Start of Block
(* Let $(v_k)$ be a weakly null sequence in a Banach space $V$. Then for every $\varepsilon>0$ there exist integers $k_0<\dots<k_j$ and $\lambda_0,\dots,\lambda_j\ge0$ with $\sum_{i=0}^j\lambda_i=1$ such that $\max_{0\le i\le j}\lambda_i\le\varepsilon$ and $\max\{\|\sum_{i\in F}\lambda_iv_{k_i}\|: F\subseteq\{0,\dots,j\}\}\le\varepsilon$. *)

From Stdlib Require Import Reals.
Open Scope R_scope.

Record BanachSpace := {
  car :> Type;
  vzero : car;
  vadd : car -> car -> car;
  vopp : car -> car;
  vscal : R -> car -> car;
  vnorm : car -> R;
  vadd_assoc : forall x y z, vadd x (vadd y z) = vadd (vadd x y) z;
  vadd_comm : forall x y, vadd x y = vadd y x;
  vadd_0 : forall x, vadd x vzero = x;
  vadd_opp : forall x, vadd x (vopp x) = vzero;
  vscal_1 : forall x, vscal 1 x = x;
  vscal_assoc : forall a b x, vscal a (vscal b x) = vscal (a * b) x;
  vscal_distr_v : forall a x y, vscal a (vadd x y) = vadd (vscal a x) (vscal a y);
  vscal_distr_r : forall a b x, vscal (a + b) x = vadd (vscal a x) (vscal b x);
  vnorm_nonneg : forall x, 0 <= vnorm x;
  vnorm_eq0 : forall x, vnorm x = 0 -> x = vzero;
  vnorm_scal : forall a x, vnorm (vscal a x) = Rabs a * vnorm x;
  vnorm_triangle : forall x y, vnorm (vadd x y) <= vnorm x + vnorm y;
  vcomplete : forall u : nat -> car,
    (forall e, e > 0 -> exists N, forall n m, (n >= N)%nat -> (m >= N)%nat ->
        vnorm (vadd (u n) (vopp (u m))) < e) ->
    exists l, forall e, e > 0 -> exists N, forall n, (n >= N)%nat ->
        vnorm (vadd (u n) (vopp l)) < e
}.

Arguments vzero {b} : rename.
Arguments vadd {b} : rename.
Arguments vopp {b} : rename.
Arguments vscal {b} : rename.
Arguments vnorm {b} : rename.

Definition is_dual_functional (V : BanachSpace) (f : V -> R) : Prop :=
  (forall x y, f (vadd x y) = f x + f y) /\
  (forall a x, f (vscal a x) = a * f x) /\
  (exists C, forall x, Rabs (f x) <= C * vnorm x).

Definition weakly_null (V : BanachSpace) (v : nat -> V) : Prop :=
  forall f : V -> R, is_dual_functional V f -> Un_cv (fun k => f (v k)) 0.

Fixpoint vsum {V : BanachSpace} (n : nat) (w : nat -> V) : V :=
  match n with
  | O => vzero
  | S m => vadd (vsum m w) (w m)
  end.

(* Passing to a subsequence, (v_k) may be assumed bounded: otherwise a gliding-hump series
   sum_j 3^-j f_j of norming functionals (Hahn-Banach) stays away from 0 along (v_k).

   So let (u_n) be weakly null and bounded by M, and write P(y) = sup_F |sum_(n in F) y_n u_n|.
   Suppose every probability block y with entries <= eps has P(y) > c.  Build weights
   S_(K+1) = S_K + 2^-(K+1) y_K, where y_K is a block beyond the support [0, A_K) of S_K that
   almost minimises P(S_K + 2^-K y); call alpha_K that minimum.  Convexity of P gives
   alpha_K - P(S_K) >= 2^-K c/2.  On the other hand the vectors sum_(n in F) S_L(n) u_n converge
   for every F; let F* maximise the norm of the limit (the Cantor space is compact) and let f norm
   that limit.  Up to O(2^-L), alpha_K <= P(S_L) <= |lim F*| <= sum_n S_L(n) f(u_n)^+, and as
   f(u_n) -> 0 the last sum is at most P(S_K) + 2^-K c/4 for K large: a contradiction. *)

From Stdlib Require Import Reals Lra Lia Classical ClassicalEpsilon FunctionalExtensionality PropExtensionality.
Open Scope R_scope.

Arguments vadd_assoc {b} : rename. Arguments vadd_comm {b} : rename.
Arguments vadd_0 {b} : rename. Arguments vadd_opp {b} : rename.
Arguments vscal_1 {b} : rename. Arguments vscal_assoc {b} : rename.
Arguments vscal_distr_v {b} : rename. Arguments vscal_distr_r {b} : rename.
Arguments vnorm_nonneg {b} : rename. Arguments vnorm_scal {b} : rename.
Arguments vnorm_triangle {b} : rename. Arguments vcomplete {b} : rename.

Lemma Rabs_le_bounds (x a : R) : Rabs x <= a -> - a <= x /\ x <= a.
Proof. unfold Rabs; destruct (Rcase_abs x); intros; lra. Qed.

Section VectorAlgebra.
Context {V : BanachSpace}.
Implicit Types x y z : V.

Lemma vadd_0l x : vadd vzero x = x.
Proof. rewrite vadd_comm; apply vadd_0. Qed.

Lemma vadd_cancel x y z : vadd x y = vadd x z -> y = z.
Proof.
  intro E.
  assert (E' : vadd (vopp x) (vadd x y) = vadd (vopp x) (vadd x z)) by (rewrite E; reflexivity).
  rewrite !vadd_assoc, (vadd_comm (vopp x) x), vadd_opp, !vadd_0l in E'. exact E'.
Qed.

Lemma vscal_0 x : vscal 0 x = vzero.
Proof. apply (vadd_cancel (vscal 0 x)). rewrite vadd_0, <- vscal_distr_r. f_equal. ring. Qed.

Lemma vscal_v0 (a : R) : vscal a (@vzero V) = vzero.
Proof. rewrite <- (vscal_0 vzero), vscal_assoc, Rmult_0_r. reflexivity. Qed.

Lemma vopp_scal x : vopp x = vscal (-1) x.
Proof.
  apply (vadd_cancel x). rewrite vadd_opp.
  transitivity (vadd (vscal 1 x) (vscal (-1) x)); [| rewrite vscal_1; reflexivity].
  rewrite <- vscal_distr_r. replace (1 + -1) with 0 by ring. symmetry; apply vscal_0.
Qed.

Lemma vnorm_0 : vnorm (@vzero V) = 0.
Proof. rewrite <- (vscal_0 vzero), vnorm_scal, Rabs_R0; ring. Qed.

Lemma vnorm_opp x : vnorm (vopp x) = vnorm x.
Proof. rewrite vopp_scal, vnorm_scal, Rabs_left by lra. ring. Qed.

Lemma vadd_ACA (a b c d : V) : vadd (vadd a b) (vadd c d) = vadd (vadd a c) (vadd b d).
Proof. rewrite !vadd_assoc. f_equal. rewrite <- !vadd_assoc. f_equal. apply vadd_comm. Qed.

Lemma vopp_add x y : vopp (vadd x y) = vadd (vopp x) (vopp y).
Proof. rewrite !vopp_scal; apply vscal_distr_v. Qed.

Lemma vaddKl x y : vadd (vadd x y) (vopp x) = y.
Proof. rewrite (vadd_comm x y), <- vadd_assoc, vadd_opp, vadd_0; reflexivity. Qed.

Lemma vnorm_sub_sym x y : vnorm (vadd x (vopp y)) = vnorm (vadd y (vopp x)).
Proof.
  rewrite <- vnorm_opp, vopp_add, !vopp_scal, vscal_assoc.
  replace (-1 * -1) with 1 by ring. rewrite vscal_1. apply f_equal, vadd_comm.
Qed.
End of Block
_What needs to be done_
Print the records once more, exactly as written.

_Worked solution_
(* Let $(v_k)$ be a weakly null sequence in a Banach space $V$. Then for every $\varepsilon>0$ there exist integers $k_0<\dots<k_j$ and $\lambda_0,\dots,\lambda_j\ge0$ with $\sum_{i=0}^j\lambda_i=1$ such that $\max_{0\le i\le j}\lambda_i\le\varepsilon$ and $\max\{\|\sum_{i\in F}\lambda_iv_{k_i}\|: F\subseteq\{0,\dots,j\}\}\le\varepsilon$. *)

From Stdlib Require Import Reals.
Open Scope R_scope.

Record BanachSpace := {
  car :> Type;
  vzero : car;
  vadd : car -> car -> car;
  vopp : car -> car;
  vscal : R -> car -> car;
  vnorm : car -> R;
  vadd_assoc : forall x y z, vadd x (vadd y z) = vadd (vadd x y) z;
  vadd_comm : forall x y, vadd x y = vadd y x;
  vadd_0 : forall x, vadd x vzero = x;
  vadd_opp : forall x, vadd x (vopp x) = vzero;
  vscal_1 : forall x, vscal 1 x = x;
  vscal_assoc : forall a b x, vscal a (vscal b x) = vscal (a * b) x;
  vscal_distr_v : forall a x y, vscal a (vadd x y) = vadd (vscal a x) (vscal a y);
  vscal_distr_r : forall a b x, vscal (a + b) x = vadd (vscal a x) (vscal b x);
  vnorm_nonneg : forall x, 0 <= vnorm x;
  vnorm_eq0 : forall x, vnorm x = 0 -> x = vzero;
  vnorm_scal : forall a x, vnorm (vscal a x) = Rabs a * vnorm x;
  vnorm_triangle : forall x y, vnorm (vadd x y) <= vnorm x + vnorm y;
  vcomplete : forall u : nat -> car,
    (forall e, e > 0 -> exists N, forall n m, (n >= N)%nat -> (m >= N)%nat ->
        vnorm (vadd (u n) (vopp (u m))) < e) ->
    exists l, forall e, e > 0 -> exists N, forall n, (n >= N)%nat ->
        vnorm (vadd (u n) (vopp l)) < e
}.

Arguments vzero {b} : rename.
Arguments vadd {b} : rename.
Arguments vopp {b} : rename.
Arguments vscal {b} : rename.
Arguments vnorm {b} : rename.

Definition is_dual_functional (V : BanachSpace) (f : V -> R) : Prop :=
  (forall x y, f (vadd x y) = f x + f y) /\
  (forall a x, f (vscal a x) = a * f x) /\
  (exists C, forall x, Rabs (f x) <= C * vnorm x).

Definition weakly_null (V : BanachSpace) (v : nat -> V) : Prop :=
  forall f : V -> R, is_dual_functional V f -> Un_cv (fun k => f (v k)) 0.

Fixpoint vsum {V : BanachSpace} (n : nat) (w : nat -> V) : V :=
  match n with
  | O => vzero
  | S m => vadd (vsum m w) (w m)
  end.

(* Passing to a subsequence, (v_k) may be assumed bounded: otherwise a gliding-hump series
   sum_j 3^-j f_j of norming functionals (Hahn-Banach) stays away from 0 along (v_k).

   So let (u_n) be weakly null and bounded by M, and write P(y) = sup_F |sum_(n in F) y_n u_n|.
   Suppose every probability block y with entries <= eps has P(y) > c.  Build weights
   S_(K+1) = S_K + 2^-(K+1) y_K, where y_K is a block beyond the support [0, A_K) of S_K that
   almost minimises P(S_K + 2^-K y); call alpha_K that minimum.  Convexity of P gives
   alpha_K - P(S_K) >= 2^-K c/2.  On the other hand the vectors sum_(n in F) S_L(n) u_n converge
   for every F; let F* maximise the norm of the limit (the Cantor space is compact) and let f norm
   that limit.  Up to O(2^-L), alpha_K <= P(S_L) <= |lim F*| <= sum_n S_L(n) f(u_n)^+, and as
   f(u_n) -> 0 the last sum is at most P(S_K) + 2^-K c/4 for K large: a contradiction. *)

From Stdlib Require Import Reals Lra Lia Classical ClassicalEpsilon FunctionalExtensionality PropExtensionality.
Open Scope R_scope.

Arguments vadd_assoc {b} : rename. Arguments vadd_comm {b} : rename.
Arguments vadd_0 {b} : rename. Arguments vadd_opp {b} : rename.
Arguments vscal_1 {b} : rename. Arguments vscal_assoc {b} : rename.
Arguments vscal_distr_v {b} : rename. Arguments vscal_distr_r {b} : rename.
Arguments vnorm_nonneg {b} : rename. Arguments vnorm_scal {b} : rename.
Arguments vnorm_triangle {b} : rename. Arguments vcomplete {b} : rename.

Lemma Rabs_le_bounds (x a : R) : Rabs x <= a -> - a <= x /\ x <= a.
Proof. unfold Rabs; destruct (Rcase_abs x); intros; lra. Qed.

Section VectorAlgebra.
Context {V : BanachSpace}.
Implicit Types x y z : V.

Lemma vadd_0l x : vadd vzero x = x.
Proof. rewrite vadd_comm; apply vadd_0. Qed.

Lemma vadd_cancel x y z : vadd x y = vadd x z -> y = z.
Proof.
  intro E.
  assert (E' : vadd (vopp x) (vadd x y) = vadd (vopp x) (vadd x z)) by (rewrite E; reflexivity).
  rewrite !vadd_assoc, (vadd_comm (vopp x) x), vadd_opp, !vadd_0l in E'. exact E'.
Qed.

Lemma vscal_0 x : vscal 0 x = vzero.
Proof. apply (vadd_cancel (vscal 0 x)). rewrite vadd_0, <- vscal_distr_r. f_equal. ring. Qed.

Lemma vscal_v0 (a : R) : vscal a (@vzero V) = vzero.
Proof. rewrite <- (vscal_0 vzero), vscal_assoc, Rmult_0_r. reflexivity. Qed.

Lemma vopp_scal x : vopp x = vscal (-1) x.
Proof.
  apply (vadd_cancel x). rewrite vadd_opp.
  transitivity (vadd (vscal 1 x) (vscal (-1) x)); [| rewrite vscal_1; reflexivity].
  rewrite <- vscal_distr_r. replace (1 + -1) with 0 by ring. symmetry; apply vscal_0.
Qed.

Lemma vnorm_0 : vnorm (@vzero V) = 0.
Proof. rewrite <- (vscal_0 vzero), vnorm_scal, Rabs_R0; ring. Qed.

Lemma vnorm_opp x : vnorm (vopp x) = vnorm x.
Proof. rewrite vopp_scal, vnorm_scal, Rabs_left by lra. ring. Qed.

Lemma vadd_ACA (a b c d : V) : vadd (vadd a b) (vadd c d) = vadd (vadd a c) (vadd b d).
Proof. rewrite !vadd_assoc. f_equal. rewrite <- !vadd_assoc. f_equal. apply vadd_comm. Qed.

Lemma vopp_add x y : vopp (vadd x y) = vadd (vopp x) (vopp y).
Proof. rewrite !vopp_scal; apply vscal_distr_v. Qed.

Lemma vaddKl x y : vadd (vadd x y) (vopp x) = y.
Proof. rewrite (vadd_comm x y), <- vadd_assoc, vadd_opp, vadd_0; reflexivity. Qed.

Lemma vnorm_sub_sym x y : vnorm (vadd x (vopp y)) = vnorm (vadd y (vopp x)).
Proof.
  rewrite <- vnorm_opp, vopp_add, !vopp_scal, vscal_assoc.
  replace (-1 * -1) with 1 by ring. rewrite vscal_1. apply f_equal, vadd_comm.
Qed.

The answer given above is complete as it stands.